任何输入为什么会发生这种情况以及如何解决？

%%writefile preprocessing.py

import argparse
import os
import warnings

import numpy as np
import pandas as pd
from sklearn.model_selection import train_test_split
from sklearn.preprocessing import StandardScaler, OneHotEncoder, LabelBinarizer, KBinsDiscretizer
from sklearn.preprocessing import PolynomialFeatures
from sklearn.compose import make_column_transformer

from sklearn.exceptions import DataConversionWarning

warnings.filterwarnings(action="ignore", category=DataConversionWarning)

if __name__ == "__main__":
    parser = argparse.ArgumentParser()
    parser.add_argument("--train-test-split-ratio", type=float, default=0.3)
    args, _ = parser.parse_known_args()

    print("Received arguments {}".format(args))
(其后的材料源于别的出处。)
(* Let $P$ be a propositional normal logic program with countably many rules, and let $Z$ be its set of propositional atoms. Then, for every countable ordinal $\alpha<\Omega$, the immediate consequence operator $T_P:V^Z\to V^Z$ is $\alpha$-continuous with respect to the relations $\sqsubseteq_\alpha$ on $V^Z$.
   Context: Truth values. Let $\Omega$ be the first uncountable ordinal. $V$ consists of values $F_\alpha,T_\alpha$ ($\alpha<\Omega$) and $0$, totally ordered by $$F_0<F_1<\dots<F_\alpha<\dots<0<\dots<T_\alpha<\dots<T_1<T_0.$$ This is a complete lattice with supremum $\bigvee$. Order of a value: $order(F_\alpha)=order(T_\alpha)=\alpha$ and $order(0)=+\infty$. Relations on $V$, for $\alpha<\Omega$: $x\sqsubseteq_\alpha y$ iff either $x=y$, or both $order(x)\ge\alpha$ and $order(y)\ge\alpha$ and at least one of the following holds: both orders are $>\alpha$; $x=F_\alpha$; $y=T_\alpha$. Write $=_\alpha$ for the induced equivalence. The operation $\bigsqcup_\alpha$ on $V$, for $X\subseteq(x]_\alpha$ where $(x]_\alpha=\{y:\forall\beta<\alpha,\ x=_\beta y\}$: - if $order(x)<\alpha$, then $\bigsqcup_\alpha X=x$; - otherwise $\bigsqcup_\alpha X$ is $T_\alpha$ if $T_\alpha\in X$, is $F_\alpha$ if $X\subseteq\{F_\alpha\}$, and is $F_{\alpha+1}$ otherwise. Interpretations. $V^Z$ is the set of interpretations. On $V^Z$: $I\le J$ iff $I(z)\le J(z)$ for all $z$; $I\sqsubseteq_\alpha J$ iff $I(z)\sqsubseteq_\alpha J(z)$ for all $z\in Z$; $\bigsqcup_\alpha$ and $\bigvee$ are computed pointwise. Programs. A rule has the form $p\leftarrow l_1,\dots,l_n$, where $p\in Z$ and each $l_i$ is either an atom $q$ or a negated atom $\sim q$ with $q\in Z$; alternatively the body is the constant true or false. An interpretation $I$ extends to bodies as follows: - $I(\sim q)=\sim(I(q))$, where $\sim F_\beta=T_{\beta+1}$, $\sim T_\beta=F_{\beta+1}$ and $\sim0=0$; - $I(l_1,\dots,l_n)=\min\{I(l_1),\dots,I(l_n)\}$; - $I(\mathrm{true})=T_0$ and $I(\mathrm{false})=F_0$. $T_P(I)(p)=\bigvee\{I(l_1,\dots,l_n):(p\leftarrow l_1,\dots,l_n)\in P\}$. $\alpha$-continuity. A function $f:V^Z\to V^Z$ is $\alpha$-monotonic if $I\sqsubseteq_\alpha J$ implies $f(I)\sqsubseteq_\alpha f(J)$. It is $\alpha$-continuous if it is $\alpha$-monotonic and, for every sequence $(I_n)_{n\ge0}$ with $I_n\sqsubseteq_\alpha I_{n+1}$, we have $f(\bigsqcup_\alpha\{I_n:n\ge0\})=_\alpha\bigsqcup_\alpha\{f(I_n):n\ge0\}$. *)

From Stdlib Require Import List Classical ClassicalEpsilon.
Import ListNotations.
Set Implicit Arguments.

(* The first uncountable ordinal Omega, presented abstractly: a type O *)
(* with a (boolean) strict order lt which is a well-order, O itself is *)
(* uncountable, and every proper initial segment {b | b < a} is        *)
(* countable.  This characterises omega_1 up to order isomorphism.     *)
Definition countable_type (A : Type) : Prop :=
  exists f : A -> nat, forall x y, f x = f y -> x = y.

Definition is_Omega (O : Type) (lt : O -> O -> bool) (o0 : O) (succ : O -> O)
  : Prop :=
  (forall a, lt a a = false) /\
  (forall a b c, lt a b = true -> lt b c = true -> lt a c = true) /\
  (forall a b, a = b \/ lt a b = true \/ lt b a = true) /\
  well_founded (fun a b => lt a b = true) /\
  ~ countable_type O /\
  (forall a, countable_type {b : O | lt b a = true}) /\
  (forall a, lt a o0 = false) /\
  (forall a, lt a (succ a) = true /\ forall b, lt a b = true -> lt b (succ a) = false).

Section Values.
Variables (O : Type) (lt : O -> O -> bool) (o0 : O) (succ : O -> O).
    input_data_path = os.path.join("/opt/ml/processing/input", "raw-data.csv")
    
    print("Reading input data from {}".format(input_data_path))
    df = pd.read_csv(input_data_path)
    
    # Handle null values
    df['Gender'][df['Gender'].isnull()]='Male'
    df['Married'][df['Married'].isnull()]='Yes'
    df['LoanAmount'][df['LoanAmount'].isnull()]= df['LoanAmount'].mean()
    df['Loan_Amount_Term'][df['Loan_Amount_Term'].isnull()]='360'
    df['Loan_Amount_Term'][df['Loan_Amount_Term'].isnull()]='360'
    df['Loan_Amount_Term'][df['Loan_Amount_Term'].isnull()]='360'
    df['Loan_Amount_Term'][df['Loan_Amount_Term'].isnull()]='360'
    df['Self_Employed'][df['Self_Employed'].isnull()]='No'
    df['Credit_History'][df['Credit_History'].isnull()]='1'
    df['Dependents'][df['Dependents'].isnull()]='0'
    df.loc[df.Dependents=='3+','Dependents']= 4

    # Convert data types to numeric
    df.loc[df.Loan_Status=='N','Loan_Status']= 0
    df.loc[df.Loan_Status=='Y','Loan_Status']=1

    df.loc[df.Gender=='Male','Gender']= 0
    df.loc[df.Gender=='Female','Gender']=1

    df.loc[df.Married=='No','Married']= 0
    df.loc[df.Married=='Yes','Married']=1

    df.loc[df.Education=='Graduate','Education']= 0
    df.loc[df.Education=='Not Graduate','Education']=1

    df.loc[df.Self_Employed=='No','Self_Employed']= 0
    df.loc[df.Self_Employed=='Yes','Self_Employed']=1

    #property_area = pd.get_dummies(df['Property_Area'],drop_first=True)
    #df = pd.concat([df,property_area],axis=1)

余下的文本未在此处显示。